Find the unit tangent vector \( T(t) \) and find a set of parametric equations for the line tangent to the space curve at point \( P \). \[ r(t)=\langle 6 \cos t, 6 \sin t, 7\rangle, p\left(\frac{6}{\sqrt{2}}, \frac{6}{\sqrt{2}}, 7\right) \]

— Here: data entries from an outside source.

Lemma tpow_prodset_fixed d (S : 'M[C]_d -> Prop) (D : 'M[C]_d -> 'M[C]_d) n u :
  linmap D -> (forall r, S r -> D r = r) -> prodset S n u -> tpow D n u = u.
Proof.
move=> hD hS; elim: n u => [|n IH] u //= [r [s [hr [hs ->]]]].
by rewrite (map_tens_tensmx _ _ hD (tpow_linmap D (n := n))) hS // IH.
Qed.

Lemma tpow_density_nncomb d (F' : 'M[C]_d -> Prop) (D : 'M[C]_d -> 'M[C]_d) :
  linmap D -> (forall X, D (D X) = D X) -> (forall rho, density rho -> F' (D rho)) ->
  entanglement_breaking D ->
  forall n (rho : 'M[C]_(pw d n)), density rho -> nncomb (prodset F' n) (tpow D n rho) 1.
Proof.
move=> hD hDD hF' EB; elim=> [|n IH] rho drho.
  by rewrite /= (density_mx11 drho); apply: nncomb_mem.
have /conv_nncomb [_ hsep] := EB _ _ (density_swapmx drho).
have hDn := tpow_linmap D (n := n).
rewrite /= -map_tens_idem // map_tens_swapmx //.
apply: (nncomb_linmap (L := fun Z => map_tens D (tpow D n) (swapmx Z)) _ _ hsep).
  exact: linmap_comp (@swapmx_linmap _ _) (map_tens_linmap _ _).
move=> u [s [t [ds [dt ->]]]].
rewrite swapmx_tens map_tens_tensmx //.
apply: nncomb_sub (nncomb_tensl (D t) (IH s ds)).
by move=> Z [v [hv ->]]; exists (D t), v; auto.
Qed.

End Quantum.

To find the unit tangent vector \( T(t) \) and the parametric equations for the line tangent to the space curve at point \( P \), we first need to compute the derivative of the position vector \( r(t) \). 1. **Calculate the derivative \( r'(t) \)**: \[ r(t) = \langle 6 \cos t, 6 \sin t, 7 \rangle \] \[ r'(t) = \langle -6 \sin t, 6 \cos t, 0 \rangle \] 2. **Find \( t \) at point \( P \)**: The coordinates of point \( P \) are \( \left(\frac{6}{\sqrt{2}}, \frac{6}{\sqrt{2}}, 7\right) \). - We can see that: \[ 6 \cos t = \frac{6}{\sqrt{2}} \Rightarrow \cos t = \frac{1}{\sqrt{2}} \Rightarrow t = \frac{\pi}{4} \text{ or } t = \frac{7\pi}{4} \] \[ 6 \sin t = \frac{6}{\sqrt{2}} \Rightarrow \sin t = \frac{1}{\sqrt{2}} \] - The angle \( t = \frac{\pi}{4} \) satisfies both conditions. 3. **Evaluate \( r'(t) \) at \( t = \frac{\pi}{4} \)**: \[ r'\left(\frac{\pi}{4}\right) = \langle -6 \sin\left(\frac{\pi}{4}\right), 6 \cos\left(\frac{\pi}{4}\right), 0 \rangle = \langle -6 \cdot \frac{1}{\sqrt{2}}, 6 \cdot \frac{1}{\sqrt{2}}, 0 \rangle = \langle -\frac{6}{\sqrt{2}}, \frac{6}{\sqrt{2}}, 0 \rangle \] 4. **Calculate the unit tangent vector \( T(t) \)**: The unit tangent vector is given by normalizing \( r'(t) \): \[ \| r'(\frac{\pi}{4}) \| = \sqrt{\left(-\frac{6}{\sqrt{2}}\right)^2 + \left(\frac{6}{\sqrt{2}}\right)^2 + 0^2} = \sqrt{2 \cdot \left(\frac{6^2}{2}\right)} = 6 \] Therefore, \[ T\left(\frac{\pi}{4}\right) = \frac{1}{6} \langle -\frac{6}{\sqrt{2}}, \frac{6}{\sqrt{2}}, 0 \rangle = \langle -\frac{1}{\sqrt{2}}, \frac{1}{\sqrt{2}}, 0 \rangle \] 5. **Set up the parametric equations for the tangent line at \( P \)**: The parametric equation for the tangent line at point \( P \) is: \[ L(s) = P + s T\left(\frac{\pi}{4}\right) \] where \( P = \left(\frac{6}{\sqrt{2}}, \frac{6}{\sqrt{2}}, 7\right) \) and \( T\left(\frac{\pi}{4}\right) = \langle -\frac{1}{\sqrt{2}}, \frac{1}{\sqrt{2}}, 0 \rangle \). Hence: \[ x(s) = \frac{6}{\sqrt{2}} - \frac{s}{\sqrt{2}}, \] \[ y(s) = \frac{6}{\sqrt{2}} + \frac{s}{\sqrt{2}}, \] \[ z(s) = 7. \] In summary, the unit tangent vector at \( P \) is \( T\left(\frac{\pi}{4}\right) = \langle -\frac{1}{\sqrt{2}}, \frac{1}{\sqrt{2}}, 0 \rangle \), and the parametric equations for the tangent line are: \[ x(s) = \frac{6}{\sqrt{2}} - \frac{s}{\sqrt{2}}, \quad y(s)